I had an awful NQT year and was threatened with failing, asked for the governors to release me from contract (outside of the usual deadlines) and then went on supply. I built myself back up and I'm so glad I did because I had (have) more to give.

Finish your ECT years. Give yourself home time deadlines (e.g. log-off and switch off at 6pm daily, go home). Stick to them. Make small changes to work smarter not harder/longer. Start live marking in lessons so you don't have to after the kids leave. Train the children to stick in their own learning so you don't have to. Use the plans from last year, adapt them to your cohort. Ask for help when you need it. Good luck, it doesn't sound like you're ready to give it up yet.

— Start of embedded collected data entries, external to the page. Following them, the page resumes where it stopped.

(* Let $R=\bigoplus_{s\in S}R_s$ be an $S$-graded ring inducing $S$ which is graded von Neumann regular. Then: (i) every homogeneous right (resp. left) ideal $I$ of $R$ satisfies $I^2=I$; (ii) every homogeneous two-sided ideal of $R$ is graded semiprime. If moreover $R$ is nearly epsilon-strongly graded, then: (iii) the graded Jacobson radical $J^g(R)$ is zero.
   Context: Rings are associative, not necessarily unital. $S$-graded ring inducing $S$: $S$ a partial groupoid, $R=\bigoplus_{s\in S}R_s$, $R_sR_t\subseteq R_{st}$ when $st$ defined, $R_sR_t\ne0$ implies $st$ defined. Convention: $0\in S$, $R_0=0$, $S\setminus\{0\}=\{s:R_s\ne0\}$, undefined products set to $0$, $0$ absorbing. $H_R=\bigcup_sR_s$. An ideal $J$ is homogeneous if $J=\bigoplus_s(J\cap R_s)$. A homogeneous two-sided ideal $P$ is graded semiprime if for every homogeneous two-sided ideal $I$ and positive integer $n$, $I^n\subseteq P$ implies $I\subseteq P$. $R$ is graded von Neumann regular if $x\in xRx$ for all $x\in H_R$. $S$ cancellative: $0\ne su=tu$ or $0\ne us=ut$ implies $s=t$. (LRI): for every $s$ there exist $s^{-1}$ and idempotents $e,f$ with $es=sf=s$, $fs^{-1}=s^{-1}e=s^{-1}$, $ss^{-1}=e$, $s^{-1}s=f$. $R$ is nearly epsilon-strongly graded if $S$ is cancellative, satisfies (LRI), and for every $s$ and $x\in R_s$ there exist $\epsilon(x)\in R_sR_{s^{-1}}$, $\epsilon'(x)\in R_{s^{-1}}R_s$ (additive subgroups generated by products) with $\epsilon(x)x=x=x\epsilon'(x)$. Graded Jacobson radical (for cancellative $S$): a homogeneous right ideal $M$ is graded modular if there is $u\in H_R$ with $ux-x\in M$ for all $x\in H_R$; a graded maximal modular right ideal is a graded modular right ideal that is maximal among proper homogeneous right ideals; $J^g(R)$ is the intersection of all graded maximal modular right ideals (equal to $R$ if there are none). *)

(* Non-unital associative rings are modelled as a
   zmodType R together with an explicit multiplication `mul`. *)
From mathcomp Require Import all_boot all_order all_algebra.
Set Implicit Arguments. Unset Strict Implicit. Unset Printing Implicit Defensive.
Import GRing.Theory.
Local Open Scope ring_scope.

theresnolimits · 17/07/2024 20:18

Ex teacher here. The only way to survive is to draw a line - you won’t work every evening, you will only mark a certain number of books ( why are you sticking stuff in, they can do that), you will use AFL and get them to self assess, you do verbal feedback and class targets, you use existing resources rather than create your own etc etc. There are so many ways to manage it. On the continent teachers teach to ‘the book’ and they think this constant reinvention of the wheel we do here is crazy. Take control.

As for observations ~ they are learning points not assessments. Your observer should be a critical friend and support you. Try to reframe this in your mind. I’ve been through loads of OFSTEDs and been observed every year - and I’ve been that observer too. Just do what you always do and challenge things you feel are unfair. Accept what is fair. Appraisal takes place in every job - you won’t escape that whatever you do.

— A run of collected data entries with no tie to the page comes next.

Lemma interior_normalize {w} : interior C w -> interior C (normalize w).
Proof.
by move=> iw; apply: interiorZ => //; rewrite invr_gt0 inner_interior_gt0.
Qed.

Lemma Funk_normalizel {w y} : interior C w -> interior C y ->
  Funk C w y = ln (inner w e) + Funk C (normalize w) y.
Proof.
move=> iw iy; have w0 := inner_interior_gt0 iw.
have := @FunkZ (inner w e) 1 (normalize w) y w0 ltr01.
by rewrite normalizeK // scale1r ln1 subr0 inner_normalize //; apply.
Qed.

Lemma Funk_normalizer {w y} : interior C w -> 0 < inner y e ->
  Funk C y w = - ln (inner w e) + Funk C y (normalize w).
Proof.
move=> iw y0; have w0 := inner_interior_gt0 iw.
have := @FunkZ 1 (inner w e) y (normalize w) ltr01 w0.
by rewrite normalizeK // scale1r ln1 add0r; apply=> //; apply: interior_normalize.
Qed.

Lemma Hil_normalize {w y} : interior C w -> interior C y ->
  Hil C w y = Hil C (normalize w) y.
Proof.
move=> iw iy; have y0 := inner_interior_gt0 iy.
by rewrite /Hil (Funk_normalizel iw iy) (Funk_normalizer iw y0) addrACA addrN add0r.
Qed.

Lemma relint_simplex_interior {x0 y} : interior C x0 ->
  relint (simplex C e) y -> interior C y.
Proof.
move=> ix0 [[Cy ye] [eps eps0 near_y]].
(* Push y slightly away from the interior point q inside Delta, to z; then y
   lies strictly between z and q. *)
have x00 := inner_interior_gt0 ix0.
set q := normalize x0.
have iq : interior C q := interior_normalize ix0.
have qe : inner q e = 1 := inner_normalize x00.
clearbody q.
have [t t0 ht] := exists_small_mul eps0 (normr_ge0 (y - q)).
have t1 : 0 < 1 + t by rewrite ltr_wpDl.
set z := (1 + t) *: y - t *: q.
have Dz : simplex C e z.
  apply: near_y; last first.
    suff -> : z - y = t *: (y - q) by rewrite normrZ gtr0_norm.
    by rewrite /z scalerDl scale1r scalerBr addrAC [y + _]addrC addrK.
  exists 2%N, (fun i : 'I_2 => if val i == 0%N then y else q),
    (fun i : 'I_2 => if val i == 0%N then 1 + t else - t).
  split; first by move=> i; case: ifP => _; split => //; apply: interior_subset.
  by rewrite !big_ord_recl !big_ord0 /= !addr0 scaleNr addrK; split.
have -> : y = (1 + t)^-1 *: z + (t / (1 + t)) *: q.
  rewrite /z scalerBr !scalerA mulVf ?gt_eqF // scale1r mulrC.
  by rewrite subrK.
apply: interiorDl; first by apply: coneZ; [rewrite invr_ge0 ltW | case: Dz].
by apply: interiorZ => //; rewrite divr_gt0.
Qed.

Lemma compact_interior_bounds (S : set 'rV[R]_n) :
  compact S -> S !=set0 -> S `<=` interior C ->
  exists2 m : R, 0 < m & exists M : R, forall w, S w -> m <= inner w e /\ `|w| <= M.
Proof.
move=> cS S0 SC.
have [c Sc c_min] := compact_EVT_min S0 cS
  (continuous_subspaceT (@continuous_inner R n e)).
rewrite inE in Sc.
exists (inner c e); first exact/inner_interior_gt0/SC.
have [M [_ HM]] := compact_bounded cS.
exists (M + 1) => w Sw; split; first by apply: c_min; rewrite inE.
by apply: (HM (M + 1)) => //; rewrite ltrDl.
Qed.

Section Grid.
Context {Xh : seq 'rV[R]_n} {v : 'rV[R]_n -> R}.
Hypothesis Xh_interior : forall {y}, y \in Xh -> interior C y.
Hypothesis Xh_simplex : forall {y}, y \in Xh -> inner y e = 1.
Hypothesis Xh_neq0 : Xh != [::].

Local Notation u := (Ihp C Xh v).

Lemma Ihp_attained z : exists2 y, y \in Xh & u z = v y + Funk C z y.
Proof. exact: inf_image_seq_attained. Qed.

Lemma Ihp_le z {y} : y \in Xh -> u z <= v y + Funk C z y.
Proof. exact: inf_image_seq_le. Qed.

Lemma Ihp_Lip {z1 z2} : 0 < inner z1 e -> interior C z2 -> u z1 - u z2 <= Funk C z1 z2.
Proof.
move=> z10 iz2; have [y ys ->] := Ihp_attained z2.
have := Ihp_le z1 ys; have := Funk_triangle z10 iz2 (Xh_interior ys); lra.
Qed.

Lemma Ihp_normalize {w} : interior C w -> u w = ln (inner w e) + u (normalize w).
Proof.
move=> iw; have [y ys uw] := Ihp_attained w.
have [y' ys' unw] := Ihp_attained (normalize w).
have := Ihp_le w ys'; have := Ihp_le (normalize w) ys.
rewrite uw unw (Funk_normalizel iw (Xh_interior ys)).
rewrite (Funk_normalizel iw (Xh_interior ys')); lra.
Qed.

Lemma Ihp_ge_ln {M : R} {w} : (forall y, y \in Xh -> M <= v y) -> interior C w ->
  M + ln (inner w e) <= u w.
Proof.
move=> M_le iw; have [y ys ->] := Ihp_attained w.
have := ln_ratio_le_Funk (inner_interior_gt0 iw) (Xh_interior ys).
rewrite (Xh_simplex ys) divr1; have := M_le y ys; lra.
Qed.

Lemma Funk_le_Ihp_add {p} : interior C p ->
  exists D, forall w, interior C w -> Funk C w p <= u w + D.
Proof.
move=> ip; exists (\big[Num.max/0]_(y <- Xh) (Funk C y p - v y)) => w iw.
have [y ys ->] := Ihp_attained w.
have := le_bigmax_seq 0 y xpredT (fun y => Funk C y p - v y) ys isT.
have := Funk_triangle (inner_interior_gt0 iw) (Xh_interior ys) ip; lra.
Qed.

Section Game.
Context {A B : Type} {T : A -> B -> 'rV[R]_n -> 'rV[R]_n}.
Variables (a0 : A) (b0 : B).
Context {lam : R}.
Hypothesis T_interior : forall a b {x}, interior C x -> interior C (T a b x).
Hypothesis T_Funk : forall a b {x y}, interior C x -> interior C y ->
  Funk C (T a b x) (T a b y) <= Funk C x y.
Hypothesis T_grid_bounded : forall {y}, y \in Xh -> exists2 m : R, 0 < m &
  exists M : R, forall a b, m <= inner (T a b y) e /\ `|T a b y| <= M.
Hypothesis eigen : forall y, y \in Xh -> Fhat C T e Xh v y = lam + v y.

Let value y a := sup [set u (T a b y) | b in [set: B]].

Lemma Fhat_Ihp y : y \in Xh -> Fhat C T e Xh v y = inf [set value y a | a in [set: A]].
Proof.
move=> ys; congr inf; apply: eq_imagel => a _; congr sup; apply: eq_imagel => b _.
by rewrite (Ihp_normalize (T_interior a b (Xh_interior ys))).
Qed.

(* Without these bounds the sup and inf in Fhat could be junk values. *)
Lemma grid_values_finite {y} : y \in Xh ->
  (forall a, has_sup [set u (T a b y) | b in [set: B]]) /\
  has_inf [set value y a | a in [set: A]].
Proof.
move=> ys; have [m m0 [M HM]] := T_grid_bounded ys.
have iy := Xh_interior ys.
have [L L0 HL] := Funk_set_uniform iy (le_trans (normr_ge0 _) (HM a0 b0).2).
set Lo := \big[Num.min/0]_(z <- Xh) v z + ln m.
have v_ge z : z \in Xh -> \big[Num.min/0]_(z <- Xh) v z <= v z.
  by move=> zs; apply: ge_bigmin_seq.
have bounds a b : Lo <= u (T a b y) <= v y + ln L.
  have [mT MT] := HM a b; have iT := T_interior a b iy.
  have T0 := inner_interior_gt0 iT.
  apply/andP; split.
    by apply: le_trans (Ihp_ge_ln v_ge iT); rewrite lerD2l ler_ln ?posrE.
  apply: le_trans (Ihp_le _ ys) _; rewrite lerD2l.
  exact: Funk_le_ln T0 iy (HL _ MT).
have sup_b a : has_sup [set u (T a b y) | b in [set: B]].
  split; first by exists (u (T a b0 y)), b0.
  by exists (v y + ln L) => _ [b _ <-]; case/andP: (bounds a b).
split=> //; split; first by exists (value y a0), a0.
exists Lo => _ [a _ <-].
have b0_in : [set u (T a b y) | b in [set: B]] (u (T a b0 y)) by exists b0.
by apply: le_trans (ub_le_sup (sup_b a).2 b0_in); case/andP: (bounds a b0).
Qed.

Lemma min_response_at_grid {y} {eps : R} : y \in Xh -> 0 < eps ->
  exists a, forall b, u (T a b y) <= lam + v y + eps.
Proof.
move=> ys eps0; have [sup_b inf_a] := grid_values_finite ys.
have [_ [a _ <-] a_opt] := inf_adherent eps0 inf_a.
exists a => b; rewrite -eigen // Fhat_Ihp //.
by apply/ltW/(le_lt_trans _ a_opt)/(ub_le_sup (sup_b a).2); exists b.
Qed.

Lemma max_response_at_grid {y} {eps : R} a : y \in Xh -> 0 < eps ->
  exists b, lam + v y - eps <= u (T a b y).
Proof.
move=> ys eps0; have [sup_b inf_a] := grid_values_finite ys.
have [_ [b _ <-] b_opt] := sup_adherent eps0 (sup_b a).
exists b; apply/ltW/(le_lt_trans _ b_opt); rewrite lerD2r -eigen // Fhat_Ihp //.
by apply: (ge_inf inf_a.2); exists a.
Qed.

Lemma min_step {w} {eps : R} : interior C w -> 0 < eps ->
  exists a, forall b, u (T a b w) <= u w + lam + eps.
Proof.
move=> iw eps0; have [y ys uw] := Ihp_attained w.
have iy := Xh_interior ys.
have [a a_opt] := min_response_at_grid ys eps0.
exists a => b; have := a_opt b; have := T_Funk a b iw iy.
have := Ihp_Lip (inner_interior_gt0 (T_interior a b iw)) (T_interior a b iy).
(* Generalizing the atoms spares lra expensive conversion tests between them. *)
rewrite uw; move: (u _) (u _) (Funk C _ _) (Funk C _ _) => *; lra.
Qed.

Lemma upper_strategy {x0} {eps : R} : interior C x0 -> 0 < eps ->
  exists sg : min_strategy A B, forall tu,
    (payoff C T x0 sg tu <= (lam + eps)%:E)%E.
Proof.
move=> ix0 eps0.
have /choice [f f_step] : forall w, exists a,
    forall b, interior C w -> u (T a b w) <= u w + (lam + eps).
  move=> w; have [iw|niw] := pselect (interior C w); last by exists a0 => b /niw.
  by have [a a_step] := min_step iw eps0; exists a => b _; rewrite addrA.
have [D Funk_le] := Funk_le_Ihp_add ix0.
exists (fun s => f (state_of T x0 s)) => tu.
apply: (limn_esup_div_le _ _ (u x0 + D)) => k.
have := stationary_min_growth T tu k T_interior ix0 f_step.
set x := (play _ _ _ x0 k).2.
have ix : interior C x by apply: play_invariant.
have := Funk_le _ ix; move: (u x) (u x0) (Funk C x x0) => *; lra.
Qed.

Look, some people just aren’t cut out for the job temperamentally. I managed because I just saw it as a job; huge emotional investment doesn’t make you a good teacher. Try to evaluate your personality and work out whether it will ever make you happy.

ArseInTheCoOpWindow · 17/07/2024 21:14

theresnolimits · 17/07/2024 20:18

Ex teacher here. The only way to survive is to draw a line - you won’t work every evening, you will only mark a certain number of books ( why are you sticking stuff in, they can do that), you will use AFL and get them to self assess, you do verbal feedback and class targets, you use existing resources rather than create your own etc etc. There are so many ways to manage it. On the continent teachers teach to ‘the book’ and they think this constant reinvention of the wheel we do here is crazy. Take control.

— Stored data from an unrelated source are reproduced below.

(* Let $G$ be a split reductive group whose root system $\Phi$ is irreducible of simply-laced type and of rank $r\geqslant2$, and let $\widetilde G$ be an $n$-fold Brylinski--Deligne cover associated with a Weyl-invariant quadratic form $Q$. Then $n_\alpha$ is independent of $\alpha\in\Delta$ and $$\mathrm{Im}(f_X)=\frac{[1,\mathrm{ht}(\alpha_0)]}{n_\alpha}=\mathrm{Im}(f_Y),$$ where $\mathrm{ht}(\alpha_0)$ is the height of the highest root $\alpha_0$ and $[a,b]$ denotes $\{a,a+1,\dots,b\}$.
   Context: Notation: root datum $(X,\Phi,\Delta;Y,\Phi^\vee,\Delta^\vee)$, positive roots $\Phi_+$, positive coroots $\Phi_+^\vee$; $\omega_\alpha\in X\otimes\mathbf R$ ($\alpha\in\Delta$) the fundamental weights (dual to $\Delta^\vee$), $\omega_\alpha^\vee$ the fundamental coweights, $\rho^\vee=\sum_{\alpha\in\Delta}\omega^\vee_\alpha$. $B_Q(y,z)=Q(y+z)-Q(y)-Q(z)$, $Y_{Q,n}=\{y\in Y:B_Q(y,z)\in n\mathbf Z\ \forall z\in Y\}$, $n_\alpha=n/\gcd(n,Q(\alpha^\vee))$, and $\tilde n_\alpha\in\{n_\alpha,n_\alpha/2\}$ ($\alpha\in\Phi$) is defined by $\mathbf Z\alpha^\vee\cap Y_{Q,n}=\mathbf Z\tilde n_\alpha\alpha^\vee$. Define $f_X:\Phi_+^\vee\to\mathbf Q$ by $f_X(\beta^\vee)=\sum_{\alpha\in\Delta}\langle\omega_\alpha/\tilde n_\alpha,\beta^\vee\rangle$ and $f_Y:\Phi_+\to\mathbf Q$ by $f_Y(\beta)=\langle\rho^\vee,\beta\rangle/\tilde n_\beta$. *)

From mathcomp Require Import all_boot all_order all_algebra.
Set Implicit Arguments. Unset Strict Implicit. Unset Printing Implicit Defensive.
Import Order.TTheory GRing.Theory Num.Theory.
Local Open Scope ring_scope.

(* Conventions: the character lattice X and the cocharacter lattice Y are both
   identified with Z^m = 'rV[int]_m, the perfect pairing <x,y> being the dot
   product.  X (x) Q and Y (x) Q are 'rV[rat]_m. *)

Definition pair (m : nat) (x y : 'rV[int]_m) : int := \sum_(i < m) x 0 i * y 0 i.

(* <w, y> for w in X (x) Q and y in Y *)
Definition pairXQ (m : nat) (w : 'rV[rat]_m) (y : 'rV[int]_m) : rat :=
  \sum_(i < m) w 0 i * (y 0 i)%:~R.

(* <x, v> for x in X and v in Y (x) Q *)
Definition pairYQ (m : nat) (x : 'rV[int]_m) (v : 'rV[rat]_m) : rat :=
  \sum_(i < m) (x 0 i)%:~R * v 0 i.

Definition is_reduced_root_datum (m : nat) (Phi : seq 'rV[int]_m)
    (cor : 'rV[int]_m -> 'rV[int]_m) : Prop :=
  [/\ {in Phi &, injective cor},
      {in Phi, forall a, pair a (cor a) = 2},
      {in Phi &, forall a b, b - pair b (cor a) *: a \in Phi},
      {in Phi &, forall a b, cor b - pair a (cor b) *: cor a \in map cor Phi} &
      {in Phi, forall a (c : int), c *: a \in Phi -> c = 1 \/ c = -1}].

As for observations ~ they are learning points not assessments. Your observer should be a critical friend and support you. Try to reframe this in your mind. I’ve been through loads of OFSTEDs and been observed every year - and I’ve been that observer too. Just do what you always do and challenge things you feel are unfair. Accept what is fair. Appraisal takes place in every job - you won’t escape that whatever you do.

Look, some people just aren’t cut out for the job temperamentally. I managed because I just saw it as a job; huge emotional investment doesn’t make you a good teacher. Try to evaluate your personality and work out whether it will ever make you happy.

They maybe learning points in some schools, but they also frequently used to manage out members of staff.

We used to have appraisals without observations. You don’t need an observation as part of a. Appraisal, the results should be enough. Does anyone else get observed doing their job? Shop assistant? Nurse? Architect?